Run a quick block device check to confirm the writer claimed the device correctly.

lsblk -o NAME,SIZE,TYPE,MOUNTPOINT
# lsblk lists block devices in a clean table format
# The MOUNTPOINT column should be empty for the USB stick
# An empty mount point confirms the device is free for raw writing

The USB device should appear with no mount point listed. The writer will mount it temporarily during the verification phase, then unmount it automatically when finished.

Reboot before you debug. Half the time the symptom is gone.

Common pitfalls and what the error looks like

The most common failure is leaving the drive mounted. The writer will silently skip it. You will not see an error dialog. The dropdown simply stays empty. Unmounting fixes this instantly.

Another frequent issue involves USB hubs. Some powered hubs do not pass through the correct power negotiation signals. The kernel sees the device but marks it as unstable. udisks2 hides unstable devices to prevent data corruption. Plug the stick directly into a motherboard USB port.

You may encounter a polkit denial if your desktop environment uses a custom security profile. The terminal will print a message like polkit: Error: Action not authorized. This means the polkit rule for org.freedesktop.udisks2.filesystem-mount or org.freedesktop.udisks2.encrypted-unlock is missing or misconfigured. Reinstalling the polkit package restores the default rules.

sudo dnf reinstall polkit
# reinstalling polkit restores the default authorization rules
# This fixes missing or corrupted polkit policy files
# The command does not remove your user data or desktop settings

Restart the desktop session after reinstalling. The writer will detect the drive on the next launch.

Some users try to run the writer with sudo instead of pkexec. This breaks the X11 or Wayland display connection. The application crashes immediately with Cannot open display:. Always use pkexec for GUI applications that need elevated privileges.

If the writer still refuses to see the drive, check the journal for the exact denial reason. Use the -xe flags to get explanatory context and jump to the end of the log.

journalctl -xeu udisks2 | tail -20
# journalctl -xeu filters logs for the udisks2 unit
# The x flag adds explanatory hints to cryptic kernel messages
# The e flag jumps to the end so you see the latest events

You might see a line like this in the output:

polkitd[1245]: Operator of unix-process:5678:9012 FAILED to authenticate to gain authorization for action org.freedesktop.udisks2.filesystem-mount for system-bus-name::1.234 [fedora-media-writer] (owned by unix-user:1000)

The denial is intentional. Read the next paragraph before forcing. The message confirms polkit intercepted the request and blocked it. Your user account lacks the org.freedesktop.udisks2.filesystem-mount privilege. Adding your user to the storage group or running pkexec resolves it.

Config files in /etc/ are user-modified. Files in /usr/lib/ ship with the package. Edit /etc/. Never edit /usr/lib/. If you need to override a udev rule for a specific USB controller, place it in /etc/udev/rules.d/ with a higher number than the default rules. The system merges them at boot.

Run journalctl first. Read the actual error before guessing.

When to use this vs alternatives

Use Fedora Media Writer when you want a verified, checksum-checked installation medium with zero manual configuration.
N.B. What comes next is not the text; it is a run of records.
Lemma position_bound t : 0 <= t <= T -> norm3 (fun j => x j t) <= 3 * (R0 + 2 * D0) * T.
Proof.
  intros Ht. eapply Rle_trans; [apply norm3_le_sum_Rabs |].
  assert (Hxi : forall i, (i < 3)%nat -> Rabs (x i t) <= (R0 + 2 * D0) * T).
  { intros i Hi.
    assert (Hvi : forall s, 0 <= s -> Rabs (v i s) <= D0).
    { intros s Hs. eapply Rle_trans; [apply (Rabs_le_norm3 (fun j => v j s) i Hi) | auto]. }
    pose proof (deriv_on_nonneg_Rabs_sub_le _ _ D0 (proj1 (ode i Hi)) Hvi t (proj1 Ht)).
    pose proof (Rabs_le_norm3 (fun j => x j 0) i Hi).
    pose proof (Rabs_triang (x i t - x i 0) (x i 0)).
    replace (x i t - x i 0 + x i 0) with (x i t) in * by ring.
    nra. }
  pose proof (Hxi 0%nat ltac:(lia)); pose proof (Hxi 1%nat ltac:(lia)); pose proof (Hxi 2%nat ltac:(lia)).
  lra.
Qed.

Lemma damping_lower_bound t : 0 <= t <= T ->
  damping_const H beta D0 R0 / Rpower T (2 * beta) <= aT (fun j => x j t) t.
Proof.
  intros Ht. unfold damping_const. set (C := 1 + 9 * (R0 + 2 * D0) ^ 2).
  set (n := norm3 (fun j => x j t)).
  assert (Hn : 1 + n ^ 2 <= C * T ^ 2).
  { pose proof (position_bound t Ht) as Hx. pose proof (norm3_ge0 (fun j => x j t)) as Hx0.
    fold n in Hx, Hx0. unfold C. nra. }
  assert (HTpow : Rpower (T ^ 2) beta = Rpower T (2 * beta)).
  { rewrite <- Rpower_pow, Rpower_mult by lra. now replace (INR 2 * beta) with (2 * beta) by (simpl; ring). }
  assert (Hpow : Rpower (1 + n ^ 2) beta <= Rpower C beta * Rpower T (2 * beta)).
  { rewrite <- HTpow, Rpower_mult_distr by (unfold C; nra).
    apply Rle_Rpower_l; [lra | split; nra]. }
  eapply Rle_trans; [| apply Rge_le, aT_ge; lra]. fold n.
  unfold Rdiv. rewrite Rmult_assoc, <- Rinv_mult.
  apply Rmult_le_compat_l; [lra |]. apply Rinv_le_contravar; [apply exp_pos | auto].
Qed.

Lemma energy_decay alpha : 0 < alpha ->
  (forall t, T / 2 <= t <= T -> alpha <= aT (fun j => x j t) t) ->
  norm3 (fun j => v j T) ^ 2
    <= D0 ^ 2 * exp (- alpha * T) + D0 * a * exp (- b * Rpower T eta) / alpha.
Proof.
  intros Halpha Hdamp.
  set (w i t := - aT (fun j => x j t) t * v i t + eps i t).
  set (E t := v 0%nat t ^ 2 + v 1%nat t ^ 2 + v 2%nat t ^ 2).
  set (E' t := 2 * (v 0%nat t * w 0%nat t + v 1%nat t * w 1%nat t + v 2%nat t * w 2%nat t)).
  set (k := exp (- b * Rpower T eta)).
  assert (HE : forall t, E t = norm3 (fun j => v j t) ^ 2) by (intros; unfold E; rewrite norm3_sq; reflexivity).
  assert (Hderiv : forall t, T / 2 <= t <= T -> derivable_pt_lim E t (E' t)).
  { intros t Ht. apply (derivable_pt_lim_sum_sq3 v (fun i => w i t)). intros i Hi.
    apply (deriv_on_nonneg_derivable_pt_lim (v i) (fun s => w i s)); [apply ode; auto | lra]. }
  assert (Hdiss : forall t, T / 2 <= t <= T -> E' t <= - (2 * alpha) * E t + 2 * D0 * a * k).
  { intros t Ht.
    assert (Heps : norm3 (fun j => eps j t) <= a * k).
    { eapply Rle_trans; [apply eps_le; lra |]. apply Rmult_le_compat_l; [lra |].
      apply exp_le_exp_of_le. pose proof (Rle_Rpower_l T (t + T) eta Heta ltac:(lra)). nra. }
    pose proof (dot3_le_norm3 (fun j => v j t) (fun j => eps j t)) as Hdot.
    pose proof (v_le t ltac:(lra)). pose proof (norm3_ge0 (fun j => v j t)).
    pose proof (norm3_ge0 (fun j => eps j t)). pose proof (Hdamp t Ht).
    assert (0 <= E t) by (unfold E; nra).
    assert (E' t = - 2 * aT (fun j => x j t) t * E t
                   + 2 * (v 0%nat t * eps 0%nat t + v 1%nat t * eps 1%nat t + v 2%nat t * eps 2%nat t))
      by (unfold E', E, w; ring).
    simpl in Hdot. nra. }
  assert (HK : 0 <= 2 * D0 * a * k)
    by (repeat apply Rmult_le_pos; try lra; left; apply exp_pos).
  (* Starting at [T / 2] rather than [0] avoids the one-sided derivative at [0]. *)
  pose proof (linear_differential_inequality E E' (2 * alpha) _ (T / 2) T
                ltac:(lra) HK ltac:(lra) Hderiv Hdiss) as Hgr.
  rewrite <- HE.
  replace (- (2 * alpha) * (T - T / 2)) with (- alpha * T) in Hgr by field.
  replace (2 * D0 * a * k / (2 * alpha)) with (D0 * a * k / alpha) in Hgr by (field; lra).
  assert (E (T / 2) <= D0 ^ 2).
  { rewrite HE. pose proof (v_le (T / 2) ltac:(lra)). pose proof (norm3_ge0 (fun j => v j (T / 2))). nra. }
  pose proof (exp_pos (- alpha * T)). nra.
Qed.

Lemma velocity_sq_bound :
  norm3 (fun j => v j T) ^ 2
    <= D0 ^ 2 * exp (- damping_const H beta D0 R0 * Rpower T (1 - 2 * beta))
       + D0 * a / damping_const H beta D0 R0 * (Rpower T (2 * beta) * exp (- b * Rpower T eta)).
Proof.
  set (c1 := damping_const H beta D0 R0).
  assert (Hc1 : 0 < c1) by (unfold c1, damping_const; apply Rdiv_lt_0_compat; [lra | apply exp_pos]).
  set (P := Rpower T (2 * beta)). assert (HP : 0 < P) by apply exp_pos.
  pose proof (energy_decay (c1 / P) ltac:(apply Rdiv_lt_0_compat; lra)
                (fun t Ht => damping_lower_bound t ltac:(lra))) as Hdecay.
  replace (- (c1 / P) * T) with (- c1 * Rpower T (1 - 2 * beta)) in Hdecay.
  2: { unfold Rminus. rewrite Rpower_plus, Rpower_1, Rpower_Ropp by lra. fold P. field. lra. }
  replace (D0 * a * exp (- b * Rpower T eta) / (c1 / P))
    with (D0 * a / c1 * (P * exp (- b * Rpower T eta))) in Hdecay by (field; lra).
  exact Hdecay.
Qed.

End Trajectory.

Lemma decay_exponent_bounds beta eta delta :
  beta < 1 / 2 -> 0 < eta <= 1 -> (eta < 1 -> 0 < delta < eta) ->
  0 <= Rmin (1 - 2 * beta) (eta_minus eta delta) <= 1 - 2 * beta /\
  Rmin (1 - 2 * beta) (eta_minus eta delta) <= eta.
Proof.
  intros Hbeta Heta Hdelta.
  assert (Hem : 0 < eta_minus eta delta <= eta).
  { unfold eta_minus. destruct (Rlt_dec eta 1) as [Hlt | Hge]; [specialize (Hdelta Hlt) |]; lra. }
  pose proof (Rmin_l (1 - 2 * beta) (eta_minus eta delta)).
  pose proof (Rmin_r (1 - 2 * beta) (eta_minus eta delta)).
  assert (0 <= Rmin (1 - 2 * beta) (eta_minus eta delta)) by (apply Rmin_glb; lra).
  lra.
Qed.

Theorem lemma3 :
  forall (H beta a b eta delta D0 R0 : R),
    0 < H -> 0 < beta < 1/2 -> 0 < a -> 0 < b -> 0 < eta <= 1 ->
    (eta < 1 -> 0 < delta < eta) -> 0 < D0 -> 0 <= R0 ->
    exists A B : R, 0 < A /\ 0 < B /\
      forall (T : R), 0 < T ->
      forall (x v eps : nat -> R -> R) (aT : (nat -> R) -> R -> R),
        (* the scalar coefficient bound *)
        (forall (y : nat -> R) (t : R), 0 <= t ->
           aT y t >= H / Rpower (1 + norm3 y ^ 2) beta) ->
        (* the ODE system on [0, +oo), componentwise *)
        (forall i : nat, (i < 3)%nat ->
           deriv_on_nonneg (x i) (v i) /\
           deriv_on_nonneg (v i)
             (fun t => - aT (fun j => x j t) t * v i t + eps i t)) ->
        (* perturbation bound *)
        (forall t, 0 <= t ->
           norm3 (fun j => eps j t) <= a * exp (- b * Rpower (t + T) eta)) ->
        (* velocity bound and initial position bound *)
        (forall t, 0 <= t -> norm3 (fun j => v j t) <= D0) ->
        norm3 (fun j => x j 0) <= R0 + D0 * T ->
        norm3 (fun j => v j T)
          <= A * exp (- B * Rpower T (Rmin (1 - 2 * beta) (eta_minus eta delta))).
Proof.
  intros H beta a b eta delta D0 R0 HH Hbeta Ha Hb Heta Hdelta HD0 HR0.
  destruct (decay_exponent_bounds beta eta delta ltac:(lra) Heta Hdelta) as [Hgam Hgam_eta].
  set (gam := Rmin (1 - 2 * beta) (eta_minus eta delta)) in *.
  set (c1 := damping_const H beta D0 R0).
  assert (Hc1 : 0 < c1) by (apply Rdiv_lt_0_compat; [lra | apply exp_pos]).
  set (B := Rmin (b / 4) (c1 / 2)).
  assert (HB : 0 < B) by (apply Rmin_pos; lra).
  assert (HBb : B <= b / 4) by apply Rmin_l.
  assert (HBc1 : B <= c1 / 2) by apply Rmin_r.
  set (w := D0 * a / c1). assert (Hw : 0 < w) by (apply Rdiv_lt_0_compat; nra).
  set (A2 := D0 ^ 2 + w * exp (2 * (2 * beta) ^ 2 / (b * eta ^ 2))).
  assert (HA2 : 0 <= A2) by (pose proof (exp_pos (2 * (2 * beta) ^ 2 / (b * eta ^ 2))); unfold A2; nra).
  exists (sqrt A2 + D0 * exp B), B.
  pose proof (sqrt_pos A2); pose proof (exp_pos B).
  split; [nra | split; [exact HB |]].
  intros T HT x v eps aT HaT Hode Heps Hv Hx0. fold gam.
  set (Y := exp (- B * Rpower T gam)). assert (HY : 0 < Y) by apply exp_pos.
  assert (HvT : norm3 (fun j => v j T) <= sqrt A2 * Y \/ norm3 (fun j => v j T) <= D0 * exp B * Y).
  { destruct (Rle_lt_dec T 1) as [HT1 | HT1].
    - right. eapply Rle_trans; [apply Hv; lra | apply small_time_bound; lra].
    - left. apply le_sqrt_mul_of_sq_le; [apply norm3_ge0 | lra | lra |].
      eapply Rle_trans; [apply (velocity_sq_bound H beta a b eta D0 R0 T x v eps aT); auto; lra |].
      fold c1 w. apply decay_terms_le; try split; nra. }
  assert (0 <= sqrt A2 * Y /\ 0 <= D0 * exp B * Y) as [] by (split; apply Rmult_le_pos; nra).
  rewrite Rmult_plus_distr_r. destruct HvT; lra.
Qed.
Use dd when you are writing a raw disk image or a non-Fedora ISO that requires exact sector mapping. Use Ventoy when you need to carry multiple ISOs on a single drive and boot them from a menu. Use GNOME Disks when you only need to format a drive or create a simple partition layout. Stay on the upstream Media Writer if you only deviate from the defaults occasionally.

Snapshot the system before the upgrade. Future-you will thank you.